Un mese di legalizzazione è valso al Canada un fatturato di 54 milioni di dollari canadesi (41 americani). Un chiaro segnale del potenziale di questo mercato se si pensa che nelle prime 2 settimane i cittadini canadesi avevano acquistato cannabis e prodotti derivati per un totale di 43 milioni di dollari canadesi.

I dati al dettaglio varieranno man mano che nuovi negozi continueranno a essere aperti e il mercato continuerà ad evolversi”, afferma il rapporto dell’agenzia di Ottawa che monitora la situazione.

Il potenziale di un mercato stimato tra i 5,5 e i 10 miliardi di dollari l’anno ha creato un vero e proprio anche per produttori come Canopy Growth Corp., che di recente ha avviato un progetto europeo con base in Italia, e Aurora Cannabis Inc. Il Canada è diventata la prima nazione del G7 a legalizzare con il primo ministro Justin Trudeau che ha sottolineato come il proibizionismo fosse un sistema fallito che dava profitti ai criminali e permetteva un consumo sfrenato per i giovani.

Licenze e nuovi prodotti

I numeri delle vendite sono comunque sottostimati perché le vendite in Ontario, la provincia più popolosa, sono limitate agli ordini online fino all’apertura dei primi negozi prevista ad aprile. Anche i negozi in altre province hanno esaurito alcuni prodotti e le scelte dei consumatori sono limitate perché gli i prodotti edibili rimangono per ora vietati.

“Abbiamo forniture limitate, quindi tutto questo è un po’ prematuro perché la domanda sta chiaramente superando l’offerta”, ha dichiarato Trevor Fencott, Amministratore delegato di Fire & Flower, un franchising di dispensari. La società afferma di aver realizzato vendite per 10 milioni di dollari e di essersi estesa a nove sedi in Alberta e Saskatchewan dalle cinque iniziali che avevano ad ottobre.
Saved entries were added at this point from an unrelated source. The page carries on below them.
Lemma count_below_true n : count_below n (fun _ => true) = n.
Proof. induction n; simpl; auto. rewrite IHn. simpl. lia. Qed.

Lemma count_below_lt_bound n P i : i < n -> P i = false -> count_below n P < n.
Proof.
  intros. rewrite <- (count_below_true n) at 2. apply count_below_lt; eauto.
Qed.

(** * Decoding pairs and sequences *)

#[export] Instance Computable1_triangle : Computable1 triangle.
Proof.
  eapply computable_ext with (f := fun u => prim_rec (fun k a => a + S k) 0 (nth 0 u 0)).
  - prove_computable.
  - intros v _. cbv beta. induction (nth 0 v 0); simpl; auto.
Qed.

#[export] Instance Computable2_cpair : Computable2 cpair.
Proof.
  eapply computable_ext with (f := fun u => triangle (nth 0 u 0 + nth 1 u 0) + nth 1 u 0).
  - prove_computable.
  - intros v _. symmetry. apply cpair_triangle.
Qed.

(* Bounded search inverts [cpair], since [cpair x y] bounds both [x] and [y]. *)
Definition cpair_fst (n : nat) : nat :=
  least_below (S n) (fun x => exists_below (S n) (fun y => cpair x y =? n)).
Definition cpair_snd (n : nat) : nat :=
  least_below (S n) (fun y => exists_below (S n) (fun x => cpair x y =? n)).

#[export] Instance Computable1_cpair_fst : Computable1 cpair_fst.
Proof. unfold Computable1, cpair_fst. prove_computable. Qed.
#[export] Instance Computable1_cpair_snd : Computable1 cpair_snd.
Proof. unfold Computable1, cpair_snd. prove_computable. Qed.

Lemma cpair_fst_cpair x y : cpair_fst (cpair x y) = x.
Proof.
  unfold cpair_fst. pose proof (cpair_ge x y). apply least_below_spec.
  - lia.
  - apply exists_below_spec. exists y. split; [lia | apply Nat.eqb_refl].
  - intros k Hk. apply not_true_is_false. intros H1. apply exists_below_spec in H1 as [y' [_ H1]].
    apply Nat.eqb_eq, cpair_inj in H1. lia.
Qed.

Lemma cpair_snd_cpair x y : cpair_snd (cpair x y) = y.
Proof.
  unfold cpair_snd. pose proof (cpair_ge x y). apply least_below_spec.
  - lia.
  - apply exists_below_spec. exists x. split; [lia | apply Nat.eqb_refl].
  - intros k Hk. apply not_true_is_false. intros H1. apply exists_below_spec in H1 as [x' [_ H1]].
    apply Nat.eqb_eq, cpair_inj in H1. lia.
Qed.

Lemma cpair_fst_0 : cpair_fst 0 = 0.
Proof. exact (cpair_fst_cpair 0 0). Qed.
Lemma cpair_snd_0 : cpair_snd 0 = 0.
Proof. exact (cpair_snd_cpair 0 0). Qed.

Definition code_hd (c : nat) : nat := cpair_fst (Nat.pred c).
Definition code_tl (c : nat) : nat := cpair_snd (Nat.pred c).
Definition code_drop (k c : nat) : nat := prim_rec (fun _ a => code_tl a) c k.
Definition code_nth (k c : nat) : nat := code_hd (code_drop k c).
Definition code_length (c : nat) : nat := count_below c (fun k => negb (code_drop k c =? 0)).

#[export] Instance Computable1_code_hd : Computable1 code_hd.
Proof. unfold Computable1, code_hd. prove_computable. Qed.
#[export] Instance Computable1_code_tl : Computable1 code_tl.
Proof. unfold Computable1, code_tl. prove_computable. Qed.
#[export] Instance Computable2_code_drop : Computable2 code_drop.
Proof. unfold Computable2, code_drop. prove_computable. Qed.
#[export] Instance Computable2_code_nth : Computable2 code_nth.
Proof. unfold Computable2, code_nth. prove_computable. Qed.
#[export] Instance Computable1_code_length : Computable1 code_length.
Proof. unfold Computable1, code_length. prove_computable. Qed.

Lemma code_hd_code_nats l : code_hd (code_nats l) = hd 0 l.
Proof. destruct l; [reflexivity | apply cpair_fst_cpair]. Qed.

Lemma code_tl_code_nats l : code_tl (code_nats l) = code_nats (tl l).
Proof. destruct l; [reflexivity | apply cpair_snd_cpair]. Qed.

Lemma code_drop_code_nats k l : code_drop k (code_nats l) = code_nats (skipn k l).
Proof.
  revert l. induction k; intros l; [reflexivity|].
  unfold code_drop in *. simpl. rewrite IHk, code_tl_code_nats. f_equal.
  clear. revert l. induction k; destruct l; simpl; auto.
Qed.

Lemma code_nth_code_nats k l : code_nth k (code_nats l) = nth k l 0.
Proof.
  unfold code_nth. rewrite code_drop_code_nats, code_hd_code_nats.
  revert l. induction k; destruct l; simpl; auto.
Qed.

Lemma code_length_code_nats l : code_length (code_nats l) = length l.
Proof.
  unfold code_length.
  assert (H : forall n, n <= code_nats l ->
    count_below n (fun k => negb (code_drop k (code_nats l) =? 0)) = Nat.min n (length l)).
  { induction n; intros Hn; [reflexivity|]. cbn -[Nat.min code_drop].
    rewrite IHn, code_drop_code_nats by lia.
    destruct (le_lt_dec (length l) n).
    - rewrite skipn_all2 by auto. cbn -[Nat.min]. lia.
    - destruct (skipn n l) eqn:E.
      + apply (f_equal (@length nat)) in E. rewrite length_skipn in E. simpl in E. lia.
      + cbn -[Nat.min]. lia. }
  rewrite H; pose proof (code_nats_ge l); lia.
Qed.

(** * A Kleene T-predicate for [W] *)

(* A certificate is a list of rule instances; each cites conclusions of entries further down
   the list as its (at most two) premises, the premise [0] meaning "none" (it codes a true
   judgment).  The judgment [judgment k a b y] reads, according to its kind [k]:
   0: program [a] on input [b] outputs [y];  1: program list [a] on [b] outputs list [y];
   2: entry [a] of list [b] is [y];  3: program [a] outputs a nonzero value on [m :: b] for
   every [m < y];  4: [a] codes a program;  5: [a] codes a list of programs.
   Kinds 4 and 5 are needed because [ev_rec0] does not run the step program of [prec]. *)
Definition judgment (k a b y : nat) : nat := cpair k (cpair a (cpair b y)).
Ad oggi il problema principale resta la carenza di cannabis, anche a causa del procedimento complesso per ottenere le licenze. E secondo alcuni la persistente carenza di cannabis potrebbe trascinarsi per anni. “Se fosse solo per l’attuale serie di prodotti, direi da un anno a 18 mesi”, ha detto Chuck Rifici, CEO della compagnia cannabica Auxly di Toronto. “Ma poiché il prossimo ottobre saranno legali i prodotti edibili e un sacco di altre novità, penso che ci vorranno tre anni prima che avremo un vero equilibrio tra domanda e offerta”.